The authors have declared that no competing interests exist.

Figures

Fig 1
Fig 1. The sites, samples and parasites.
A map showing the location of sampled sites (A); Summary table providing background information on each site and overall percentages of each parasite (B). Representative photomicrographs of the eggs detected in this study (C: Ascaris, D: Trichuris, E: Taenia and F: Diphyllobothrium, scale bar: 20 μm). The map represented in A was modified from the NASA SEDAC centre https://sedac.ciesin.columbia.edu/maps/gallery/search?facets=region:europe&facets=theme:water.
Fig 2
Fig 2. Comparison of prevalence rates of Ascaris and Trichuris between modern and medieval populations.

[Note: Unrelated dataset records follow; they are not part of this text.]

(* Let $\theta\in\mathcal X:=\prod_{s\in\mathcal S}\Delta(\mathcal A)$ and $\pi_\theta(a|s)=\theta_{s,a}$, and assume $d^{\pi_\theta,\hat P^{\pi_\theta}}(s)>0$ for all $s$. Define $G(\theta)\in\mathbb R^{\mathcal S\times\mathcal A}$ by $[G(\theta)]_{s,a}=\frac{1}{1-\gamma}d^{\pi_\theta,\hat P^{\pi_\theta}}(s)Q^{\pi_\theta}(s,a)$. Then $$\mathbb E_{s_0\sim\rho}\big(V^\star(s_0)-V^{\pi_\theta}(s_0)\big)\le\Big\|\frac{d^{\pi^\star,\hat P^{\pi_\theta}}}{d^{\pi_\theta,\hat P^{\pi_\theta}}}\Big\|_\infty\max_{\bar\pi\in\mathcal X}\langle\bar\pi-\pi_\theta,G(\theta)\rangle,$$ where $\big\|\frac{d^{\pi^\star,\hat P^{\pi_\theta}}}{d^{\pi_\theta,\hat P^{\pi_\theta}}}\big\|_\infty:=\max_s\frac{d^{\pi^\star,\hat P^{\pi_\theta}}(s)}{d^{\pi_\theta,\hat P^{\pi_\theta}}(s)}$ and $\pi^\star(s)\in\arg\max_a(r(s,a)-\gamma\sigma(P_{s,a},V^\star))$ (viewed as a deterministic policy).
   Context: $\mathcal S$ and $\mathcal A$ are finite sets; $\Delta(\mathcal X)$ denotes the probability simplex over a finite set $\mathcal X$. $P=\{P_{s,a}\}$ with $P_{s,a}\in\Delta(\mathcal S)$ is the nominal transition kernel, $r:\mathcal S\times\mathcal A\to[0,1]$, $\gamma\in[0,1)$, $\rho\in\Delta(\mathcal S)$. A stationary policy is a map $\pi:\mathcal S\to\Delta(\mathcal A)$. A function $\sigma:\mathbb R^{\mathcal S}\to\mathbb R$ is a convex risk measure if (i) $V'\le V$ pointwise implies $\sigma(V)\le\sigma(V')$; (ii) $\sigma(V+m)=\sigma(V)-m$ for every constant $m$; (iii) $\sigma$ is convex. For each $(s,a)$ a convex risk measure $\sigma(P_{s,a},\cdot)$ is given, with penalty $D(\hat\mu,P_{s,a}):=\sup_{V}\big(-\sigma(P_{s,a},V)-\mathbb E_{s'\sim\hat\mu}V(s')\big)$. For a policy $\pi$, $V^\pi$ is the unique solution of $V^\pi(s)=\sum_a\pi(a|s)(r(s,a)-\gamma\sigma(P_{s,a},V^\pi))$, $Q^\pi(s,a):=r(s,a)-\gamma\sigma(P_{s,a},V^\pi)$; $V^\star$ is the unique solution of $V^\star(s)=\max_a(r(s,a)-\gamma\sigma(P_{s,a},V^\star))$. $\hat P^\pi_{s,a}\in\arg\min_{\hat\mu\in\Delta(\mathcal S)}\big(D(\hat\mu,P_{s,a})+\mathbb E_{s'\sim\hat\mu}V^\pi(s')\big)$. For a policy $\pi$ and stationary kernel $K$, $d^{\pi,K}(s):=(1-\gamma)\sum_{t\ge0}\gamma^t\Pr(s_t=s)$ with $s_0\sim\rho$, $a_t\sim\pi(\cdot|s_t)$, $s_{t+1}\sim K_{s_t,a_t}$. The inner product is $\langle x,y\rangle=\sum_{s,a}x_{s,a}y_{s,a}$. *)

From HB Require Import structures.
From mathcomp Require Import all_boot all_order all_algebra.
From mathcomp Require Import all_classical all_reals all_analysis.
Set Implicit Arguments. Unset Strict Implicit. Unset Printing Implicit Defensive.
Import Order.TTheory GRing.Theory Num.Theory.
Local Open Scope ring_scope.
Local Open Scope classical_set_scope.

Section RMDP.
Variables (R : realType) (S A : finType).

Definition is_dist (T : finType) (mu : T -> R) : Prop :=
  (forall x, 0 <= mu x) /\ \sum_(x : T) mu x = 1.

Definition is_policy (pi : S -> A -> R) : Prop := forall s, is_dist (pi s).

Definition convex_risk_measure (sig : (S -> R) -> R) : Prop :=
  [/\ (forall V V' : S -> R, (forall s, V' s <= V s) -> sig V <= sig V'),
      (forall (V : S -> R) (m : R), sig (fun s => V s + m) = sig V - m)
    & (forall (V V' : S -> R) (l : R), 0 <= l <= 1 ->
         sig (fun s => l * V s + (1 - l) * V' s) <= l * sig V + (1 - l) * sig V')].

Definition expect (mu : S -> R) (V : S -> R) : R := \sum_(s : S) mu s * V s.

Definition penalty (sig : (S -> R) -> R) (mu : S -> R) : \bar R :=
  ereal_sup [set ((- sig V - expect mu V)%:E) | V in [set: S -> R]].

Definition is_robust_value (sigma : S -> A -> (S -> R) -> R) (r : S -> A -> R)
  (gamma : R) (pi : S -> A -> R) (V : S -> R) : Prop :=
  forall s, V s = \sum_(a : A) pi s a * (r s a - gamma * sigma s a V).

Definition is_robust_optimal_value (sigma : S -> A -> (S -> R) -> R)
  (r : S -> A -> R) (gamma : R) (V : S -> R) : Prop :=
  forall s, exists2 a, (forall a', r s a' - gamma * sigma s a' V <= r s a - gamma * sigma s a V)
    & V s = r s a - gamma * sigma s a V.

Definition is_worst_kernel (sigma : S -> A -> (S -> R) -> R) (V : S -> R)
  (Phat : S -> A -> S -> R) : Prop :=
  forall s a, is_dist (Phat s a) /\
    forall mu, is_dist mu ->
      (penalty (sigma s a) (Phat s a) + (expect (Phat s a) V)%:E
        <= penalty (sigma s a) mu + (expect mu V)%:E)%E.

Fixpoint state_dist (rho : S -> R) (pi : S -> A -> R) (K : S -> A -> S -> R)
  (t : nat) : S -> R :=
  match t with
  | 0%N => rho
  | t'.+1 => fun s' => \sum_(s : S) state_dist rho pi K t' s *
                        \sum_(a : A) pi s a * K s a s'
  end.

Definition occupancy (gamma : R) (rho : S -> R) (pi : S -> A -> R)
  (K : S -> A -> S -> R) (s : S) : R :=
  (1 - gamma) * limn (fun n => \sum_(0 <= t < n) gamma ^+ t * state_dist rho pi K t s).

Definition det_policy (f : S -> A) : S -> A -> R :=
  fun s a => if a == f s then 1 else 0.

Definition inner (x y : S -> A -> R) : R := \sum_(s : S) \sum_(a : A) x s a * y s a.

End RMDP.

(* Since the worst-case kernel Phat minimises the dual representation of each
   sigma(P_{s,a}, .) at V^theta, we get
   sigma(P_{s,a}, V^theta) - sigma(P_{s,a}, V^star) <= E_{Phat_{s,a}} (V^star - V^theta),
   so V^star - V^theta is a subsolution of the Bellman equation of pi^star under
   the fixed kernel Phat, with reward the advantage Q^theta(s, pi^star s) - V^theta(s).
   Unrolling it bounds E_rho (V^star - V^theta) by (1 - gamma)^-1 times the
   d^{pi^star,Phat}-average of the greedy advantage max_a Q^theta(s,a) - V^theta(s);
   changing to d^{theta,Phat} costs the ratio factor, and the greedy policy
   attains the resulting weighted sum in the linear objective <pi - theta, G>.
   The dual minimiser at V is minus a subgradient of the convex function sigma,
   which is built one coordinate at a time. *)

From HB Require Import structures.
From mathcomp Require Import all_boot all_order all_algebra.
From mathcomp Require Import all_classical all_reals all_analysis.
From mathcomp Require Import ring lra.
Import Order.TTheory GRing.Theory Num.Theory numFieldNormedType.Exports.
Local Open Scope ring_scope.
Local Open Scope classical_set_scope.
Set Implicit Arguments. Unset Strict Implicit. Unset Printing Implicit Defensive.

Section ConvexSubgradient.
Variables (R : realType) (S : finType) (f : (S -> R) -> R) (x : S -> R).
Hypothesis f_convex : forall (V V' : S -> R) (l : R), 0 <= l <= 1 ->
  f (fun s => l * V s + (1 - l) * V' s) <= l * f V + (1 - l) * f V'.

Definition supported_on (l : seq S) (h : S -> R) := forall s, s \notin l -> h s = 0.

Definition excess (g h : S -> R) : R :=
  f (fun s => x s + h s) - f x - \sum_s g s * h s.

Definition subgradient_on (l : seq S) (g : S -> R) :=
  forall h, supported_on l h -> 0 <= excess g h.

Definition perturb (h : S -> R) (e : S) (t : R) : S -> R :=
  fun s => h s + t * (s == e)%:R.

Lemma sum_mul_delta (g : S -> R) (e : S) : \sum_s g s * (s == e)%:R = g e.
Proof.
rewrite (bigD1 e) //= eqxx mulr1 big1 ?addr0 // => s /negbTE ->.
by rewrite mulr0.
Qed.

Lemma excess_perturb_gradient (g h : S -> R) (e : S) (c : R) :
  excess (perturb g e c) h = excess g h - c * h e.
Proof.
rewrite /excess /perturb.
under eq_bigr do rewrite mulrDl.
rewrite big_split /=.
have -> : \sum_s c * (s == e)%:R * h s = c * h e.
  by rewrite -(sum_mul_delta h e) mulr_sumr; apply: eq_bigr => s _; ring.
ring.
Qed.

Lemma excess_convex (g h h' : S -> R) (l : R) : 0 <= l <= 1 ->
  excess g (fun s => l * h s + (1 - l) * h' s)
  <= l * excess g h + (1 - l) * excess g h'.
Proof.
move=> l01; have := f_convex (fun s => x s + h s) (fun s => x s + h' s) l01.
have -> : (fun s => l * (x s + h s) + (1 - l) * (x s + h' s))
        = (fun s => x s + (l * h s + (1 - l) * h' s)).
  by apply/funext => s; ring.
rewrite /excess.
have -> : \sum_s g s * (l * h s + (1 - l) * h' s)
        = l * \sum_s g s * h s + (1 - l) * \sum_s g s * h' s.
  by rewrite !mulr_sumr -big_split /=; apply: eq_bigr => s _; ring.
lra.
Qed.

Section ExtendCoordinate.
Variables (l : seq S) (g : S -> R) (e : S).
Hypothesis g_sub : subgradient_on l g.

(* [h1 + t1 e] and [h2 - t2 e] average, with weights [t2] and [t1], to a
   direction supported on [l], where the excess is nonnegative. *)
Lemma backward_slope_le_forward_slope (h1 h2 : S -> R) (t1 t2 : R) :
  supported_on l h1 -> supported_on l h2 -> 0 < t1 -> 0 < t2 ->
  - excess g (perturb h2 e (- t2)) / t2 <= excess g (perturb h1 e t1) / t1.
Proof.
move=> h1l h2l t1p t2p.
have tp : 0 < t1 + t2 by rewrite addr_gt0.
pose lam := t2 / (t1 + t2).
have lam01 : 0 <= lam <= 1.
  apply/andP; split; first by rewrite divr_ge0 // ltW.
  by rewrite ler_pdivrMr // mul1r lerDr ltW.
set E1 := excess g (perturb h1 e t1); set E2 := excess g (perturb h2 e (- t2)).
have := excess_convex g (perturb h1 e t1) (perturb h2 e (- t2)) lam01.
have -> : (fun s => lam * perturb h1 e t1 s + (1 - lam) * perturb h2 e (- t2) s)
        = (fun s => (t2 * h1 s + t1 * h2 s) / (t1 + t2)).
  apply/funext => s; rewrite /perturb /lam; field; exact: lt0r_neq0.
have avg_l : supported_on l (fun s => (t2 * h1 s + t1 * h2 s) / (t1 + t2)).
  by move=> s sl; rewrite h1l // h2l // !mulr0 addr0 mul0r.
move/(le_trans (g_sub avg_l)); rewrite -/E1 -/E2 => avg_ge0.
have : 0 <= t2 * E1 + t1 * E2.
  have -> : t2 * E1 + t1 * E2 = (t1 + t2) * (lam * E1 + (1 - lam) * E2).
    by rewrite /lam; field; exact: lt0r_neq0.
  by rewrite mulr_ge0 // ltW.
rewrite ler_pdivrMr // mulrAC ler_pdivlMr //; nra.
Qed.

(* The new coordinate is any value between the backward slopes and the
   forward slopes along [e], e.g. the supremum of the former. *)
Lemma subgradient_on_cons : exists c, subgradient_on (e :: l) (perturb g e c).
Proof.
pose L := [set y : R | exists h t,
  [/\ supported_on l h, 0 < t & y = - excess g (perturb h e (- t)) / t]].
have zero_l : supported_on l (fun _ => 0) by [].
have L_sup : has_sup L.
  split; first by eexists; exists (fun _ => 0), 1.
  exists (excess g (perturb (fun _ => 0) e 1) / 1).
  by move=> _ [h [t [hl tp ->]]]; exact: backward_slope_le_forward_slope.
exists (sup L) => h hel.
pose h0 s := if s == e then 0 else h s.
have h0l : supported_on l h0.
  move=> s sl; rewrite /h0; case: eqP => // /eqP se.
  by apply: hel; rewrite inE negb_or se.
have -> : h = perturb h0 e (h e).
  apply/funext => s; rewrite /perturb /h0.
  by case: eqP => [->|_]; rewrite ?mulr1 ?add0r ?mulr0 ?addr0.
rewrite excess_perturb_gradient {2}/perturb /h0 eqxx add0r mulr1.
have [he_lt0|he_gt0|->] := ltgtP (h e) 0.
- have : - excess g (perturb h0 e (- - h e)) / - h e <= sup L.
    by apply: sup_upper_bound => //; exists h0, (- h e); rewrite oppr_gt0.
  rewrite opprK ler_pdivrMr ?oppr_gt0 //; lra.
- have : sup L <= excess g (perturb h0 e (h e)) / h e.
    apply: ge_sup; first by case: L_sup.
    by move=> _ [h' [t [h'l tp ->]]]; exact: backward_slope_le_forward_slope.
  rewrite ler_pdivlMr //; lra.
- have -> : perturb h0 e 0 = h0 by apply/funext => s; rewrite /perturb mul0r addr0.
  by rewrite mulr0 subr0; exact: g_sub.
Qed.

End ExtendCoordinate.

Lemma subgradient_on_seq (l : seq S) : exists g, subgradient_on l g.
Proof.
elim: l => [|e l [g g_sub]]; last first.
  by have [c] := subgradient_on_cons e g_sub; exists (perturb g e c).
exists (fun _ => 0) => h h0.
have -> : h = (fun _ => 0) by apply/funext => s; exact: h0.
rewrite /excess big1 => [|s _]; last by rewrite mulr0.
by under eq_fun do rewrite addr0; rewrite !subrr.
Qed.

Prevalence rates of Ascaris (A) and Trichuris (B) identified in archaeological sites and comparison with regional prevalence rates published in meta-analyses by Chan 1994 [8], de Silva 2003 [9] and Pullan 2014 [10]. Orange dots indicate prevalence rates in different endemic regions. Blue dots indicate prevalence rates in each of the archaeological sites within Europe. Significant differences between groups indicated by * p<0.05, ** p<0.005.
Fig 3
Fig 3. The prevalence of helminth infection in males and females.
The ratio of infected male to female individuals for each of the four parasites, Ascaris, Trichuris, Taenia and Diphyllobothrium. Each of the sites indicated by a different symbol. The actual numbers of males and females infected with each parasite are given in the Table below the graph as is the cumulative total of all sites and the total numbers of males and females identified at each site. The bars represent the 95% confidence interval of all sites and no significant differences were identified according to sex.
Fig 4
Fig 4. The prevalence of nematode infections in different age groups.
The prevalence of Ascaris (A) and Trichuris (B) in different age groups at five medieval sites. Infant 0–5 years, Child 6–18 years, Younger Adult 19–40 years, Older adult 40+years. Each site is depicted with different symbols and colours according to the key. Significant differences in the overall rates of infection are indicated by horizontal bars * p<0.05, ** p<0.005.
Fig 5
Fig 5. The influence of population size on parasite prevalence.
The population size of the different locations was estimated from historical records and plotted against the prevalence of Ascaris (A and C) or Trichuris (B and D). Panels A and C represent the whole data set. Panels B and D represent data from adult groups (>18 years or identified as adult). Each site is identified with a different symbol according to the insert. The numbers of samples considered with each site are given in the insert. The error bars represent the range of estimated population size for each group.
Fig 6
Fig 6. The prevalence of helminth infections in Ellwangen over time.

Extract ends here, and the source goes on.